■ TASK ITEM: Show every line of the records below that contains the word "negbTE".

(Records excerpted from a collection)

Lemma on_st_path_adj_s v : v \in C -> e v s -> on_st_path e V s t v.
Proof.
move=> vC evs; have /andP[vs vt] := C_neq vC.
have cn : connected_in e [set~ s] v t by apply: no_cut; rewrite !in_setC1 // eq_sym.
have SA : {in [set~ s], forall u, ~~ pred1 t u -> u \in minus2 s t}.
  by move=> u; rewrite in_setC1 mem_minus2 => -> ->.
have [l [z [pl ul /andP[/eqP zt _] /hasPn ntl Cl]]] :=
  closed_first_hit (A := pred1 t) closed_C vC cn (eqxx t) vt SA.
subst z; exists (v :: rcons l t); last exact: mem_head.
have sl : s \notin l by apply/negP => /(allP Cl) /C_neq; rewrite eqxx.
have tl : t \notin l by apply/negP => /ntl; rewrite /= eqxx.
split.
- by rewrite /= esym evs.
- by rewrite /= last_rcons.
- move: ul; rewrite /= !(mem_rcons, inE) rcons_uniq.
  case/andP=> vl ->; rewrite (eq_sym s) (negbTE vs) (negbTE nst) (negbTE sl).
  by rewrite (negbTE vt) (negbTE vl) tl.
- by rewrite /= s_in_V C_sub_V //= all_rcons [mem V t]t_in_V (sub_all C_sub_V Cl).
Qed.

Lemma on_st_path_adj v w : v \in C -> w \in C -> e v w ->
  on_st_path e V s t w -> on_st_path e V s t v.
Proof.
move=> vC wC evw [p hp wp].
have [vp|vp] := boolP (v \in p); first by exists p.
have /andP[vs vt] := C_neq vC; have /andP[ws wt] := C_neq wC.
have tp : t \in s :: p by case: hp => _ <- _ _; apply: mem_last.
have nAv : v \notin s :: p by rewrite inE negb_or vs vp.
have cn : connected_in e [set~ w] v t.
  apply: no_cut; rewrite in_setC1; last by rewrite eq_sym.
  by apply: contraNneq vp => ->.
have SA : {in [set~ w], forall u, u \notin s :: p -> u \in minus2 s t}.
  move=> u _ up; rewrite mem_minus2.
  by apply/andP; split; apply: contraNneq up => ->; rewrite ?mem_head.
have [l [z [pl ul /andP[zp zw] /hasPn nAl Cl]]] :=
  closed_first_hit (A := mem (s :: p)) closed_C vC cn tp nAv SA.
apply: (st_path_extend esym hp wp wt _ pl zp); rewrite -?in_setC1 //.
- by rewrite esym.
- by rewrite /= negb_or nAv; apply/hasPn.
- by rewrite /= C_sub_V // (sub_all C_sub_V Cl).
Qed.

Lemma on_st_path_of_path v l : v \in C -> path e v (rcons l s) -> all (mem C) l ->
  on_st_path e V s t v.
Proof.
elim: l v => [|w l IH] v vC /=; first by rewrite andbT => evs _; apply: on_st_path_adj_s.
by case/andP=> evw pl /andP[wC Cl]; apply: on_st_path_adj vC wC evw (IH w wC pl Cl).
Qed.

Lemma on_st_path_C v : v \in C -> on_st_path e V s t v.
Proof.
move=> vC; have /andP[vs vt] := C_neq vC.
have cn : connected_in e [set~ t] v s by apply: no_cut; rewrite in_setC1 // eq_sym.
have SA : {in [set~ t], forall u, ~~ pred1 s u -> u \in minus2 s t}.
  by move=> u; rewrite in_setC1 mem_minus2 => -> ->.
have [l [z [pl _ /andP[/eqP zs _] _ Cl]]] :=
  closed_first_hit (A := pred1 s) closed_C vC cn (eqxx s) vs SA.
by subst z; apply: on_st_path_of_path pl Cl.
Qed.

Lemma heavy_long4 : heavy e s t C -> longest_st_path_ge e s t C 4.
Proof.
case=> v vC /andP[nvs nvt]; have /andP[_ vt] := C_neq vC.
have [p hp vp] := on_st_path_C vC.
by exists p; split; last apply: (st_path_size4 esym hp vp vt nvs nvt).
Qed.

■ RESPONSE FOR THIS EXERCISE:
  case/andP=> vl ->; rewrite (eq_sym s) (negbTE vs) (negbTE nst) (negbTE sl).
  by rewrite (negbTE vt) (negbTE vl) tl.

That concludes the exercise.